Durability — the D in ACID — asks whether a write that received a commit acknowledgment will still be there after power loss or a crash. This Part 4 walks through the gap between memory and disk, how WAL-style journaling and WiredTiger checkpoints fit together, and how single-node crash recovery replays the journal after the last checkpoint. For replica sets, Write Concern’s w, j, and wtimeout change when the driver may return success and what replication/journal bar you are actually waiting for — including why the default moved toward majority, why a wtimeout is not the same as “no rollback,” and why writeConcernMajorityJournalDefault matters. Secondary behavior and defaults vary by version and topology, so treat this as a conceptual map and verify against the manual for the build you run.

Series outline

• Part 1 — ACID concepts + MongoDB’s historical context
• Part 2 — Atomicity & Consistency: single document vs multi-document
• Part 3 — Isolation and snapshot isolation internals
• Part 4 — Durability, WiredTiger, Write Concern (this post)
• Part 5 — Production patterns, performance, anti-patterns

Table of contents

1. Introduction
2. Why durability is hard — the memory vs disk gap
3. WAL — Write-Ahead Logging
4. WiredTiger journal — single-node durability
5. Checkpoints — periodic snapshots
6. Journal + checkpoints — crash recovery
7. Write Concern — durability in a distributed replica set
8. Write Concern options — w, j, wtimeout
9. Version-specific behavior (reference)
10. Practical durability settings
11. Failure scenarios and topology
12. Closing

1. Introduction

In Part 3 we focused on isolation and Read Concern — what concurrent transactions can see. This article covers Durability: whether a write that received a successful commit response will still be there after events like power loss or process crashes.
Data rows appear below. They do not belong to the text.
(* Consider the system \[ \begin{aligned} \dot S_1 &= (S^{(0)}-S_1)D - y_1\mu_1(S_1)X_1,\\ \dot X_1 &= -D_1X_1 + \mu_1(S_1)X_1,\\ \dot S_2 &= -DS_2 + y_2\mu_1(S_1)X_1 - y_3\mu_2(S_2,S_3)X_2,\\ \dot S_3 &= -DS_3 + y_4\mu_1(S_1)X_1,\\ \dot X_2 &= -D_2X_2 + \mu_2(S_2,S_3)X_2, \end{aligned} \] on the nonnegative orthant of $(S_1,X_1,S_2,S_3,X_2)$-space, under the standing assumptions described in the context. If $\lambda_1\ge S^{(0)}$, then $E=(S^{(0)},0,0,0,0)$ is a globally asymptotically stable equilibrium of this system.
   Context: Parameters: $D>0$, $S^{(0)}>0$, $D_i=D+k_i$ with $k_i\ge 0$ ($i=1,2$), and $y_1,y_2,y_3,y_4>0$. The functions $\mu_1,\mu_2$ satisfy: (H1) $\mu_1\in C^1(\mathbb{R}_+)$ and $\mu_1'(S_1)>0$ for all $S_1>0$; (H2) $\mu_1(0)=0$ and $\mu_1(S_1)>0$ for $S_1>0$; (H3) $\mu_2\in C^1(\mathbb{R}^2_+)$ and $\mu_2(S_2,S_3)>0$ if $S_2>0,S_3>0$; (H4) $\lim_{S_3\to\infty}\mu_2(S_2,S_3)=0$ for all $S_2\ge0$; (H5) $\lim_{S_2\to\infty}\mu_2(S_2,S_3)=0$ for all $S_3\ge0$; (H6) $\mu_2(0,S_3)=0$ for all $S_3\ge0$ and $\mu_2(S_2,0)\ge0$ for $S_2>0$; (H7) there is a continuous $\Gamma:\mathbb{R}_+\to\mathbb{R}$ with $\partial_{S_2}\mu_2(S_2,S_3)>0$ for $S_2<\Gamma(S_3)$ and $<0$ for $S_2>\Gamma(S_3)$. The break-even concentration $\lambda_1$ is the unique positive extended real number with $\mu_1(\lambda_1)=D_1$; if no such number exists, $\lambda_1=+\infty$. *)

From Stdlib Require Import Reals.
From Coquelicot Require Import Coquelicot.
Open Scope R_scope.

Definition cont_on_nonneg (f : R -> R) : Prop :=
  forall a, 0 <= a -> forall eps, 0 < eps -> exists del, 0 < del /\
    forall u, 0 <= u -> Rabs (u - a) < del -> Rabs (f u - f a) < eps.

Definition cont_on_quadrant (g : R -> R -> R) : Prop :=
  forall a b, 0 <= a -> 0 <= b -> forall eps, 0 < eps -> exists del, 0 < del /\
    forall u v, 0 <= u -> 0 <= v -> Rabs (u - a) < del -> Rabs (v - b) < del ->
      Rabs (g u v - g a b) < eps.

(** f is C^1 on R_+ with derivative f' : f is continuous on [0,oo),
    differentiable on (0,oo) with derivative f', and f' extends
    continuously to [0,oo) (so f'(0) is the one-sided derivative). *)
Definition C1_nonneg_with (f f' : R -> R) : Prop :=
  cont_on_nonneg f /\ cont_on_nonneg f' /\
  (forall x, 0 < x -> is_derive f x (f' x)).

(** g is C^1 on R_+^2 with partial derivatives d2 (w.r.t. first argument)
    and d3 (w.r.t. second argument): g continuous on the closed quadrant,
    (Frechet) differentiable in the open quadrant with gradient (d2,d3),
    and d2, d3 extend continuously to the closed quadrant. *)
Definition C1_quadrant_with (g d2 d3 : R -> R -> R) : Prop :=
  cont_on_quadrant g /\ cont_on_quadrant d2 /\ cont_on_quadrant d3 /\
  (forall a b, 0 < a -> 0 < b -> differentiable_pt_lim g a b (d2 a b) (d3 a b)).

Definition is_break_even (mu1 : R -> R) (D1 : R) (l : Rbar) : Prop :=
  (exists x, 0 < x /\ l = Finite x /\ mu1 x = D1) \/
  (l = p_infty /\ ~ (exists x, 0 < x /\ mu1 x = D1)).

Record state := mkState { St1 : R; Xt1 : R; St2 : R; St3 : R; Xt2 : R }.

Definition in_orthant (p : state) : Prop :=
  0 <= St1 p /\ 0 <= Xt1 p /\ 0 <= St2 p /\ 0 <= St3 p /\ 0 <= Xt2 p.

Definition dist5 (p q : state) : R :=
  sqrt ((St1 p - St1 q)^2 + (Xt1 p - Xt1 q)^2 + (St2 p - St2 q)^2
        + (St3 p - St3 q)^2 + (Xt2 p - Xt2 q)^2).

Definition field (D S0 D1 D2 y1 y2 y3 y4 : R) (mu1 : R -> R) (mu2 : R -> R -> R)
  (p : state) : state :=
  let s1 := St1 p in let x1 := Xt1 p in let s2 := St2 p in
  let s3 := St3 p in let x2 := Xt2 p in
  mkState ((S0 - s1) * D - y1 * mu1 s1 * x1)
          (- D1 * x1 + mu1 s1 * x1)
          (- D * s2 + y2 * mu1 s1 * x1 - y3 * mu2 s2 s3 * x2)
          (- D * s3 + y4 * mu1 s1 * x1)
          (- D2 * x2 + mu2 s2 s3 * x2).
Operationally, durability spans WiredTiger journaling and checkpoints on a single mongod, and replication with Write Concern in a replica set. In one sentence:

Before claiming “done,” the system first records changes in a log (WAL-style), then — depending on topology — uses Write Concern to decide how many nodes must acknowledge the write.

We start with single-node journaling and checkpoints, then split what writeConcern means in a replica set. Fine-grained behavior and defaults change by major version; treat the following as a mental model and always cross-check the manual for your deployment.

2. Why durability is hard — the memory vs disk gap

CPUs and RAM are fast but volatile; SSDs and disks are slower but retain data without power. Databases keep hot working sets in RAM; if you acknowledge “persisted” while data is only in memory, you can lose work on failure.

If you delay responses until every change is fsync’d to disk, you are safer but latency rises. Durability engineering trades speed and safety; MongoDB relies heavily on append-only logs and periodic checkpoints.

3. WAL — Write-Ahead Logging

WAL (Write-Ahead Logging) boils down to:

Before mutating durable data files, append the change to a log (journal).

Data file updates may involve random I/O; appending to a log is closer to sequential I/O. After a crash, the server can replay the log to reconcile on-disk data and cache state.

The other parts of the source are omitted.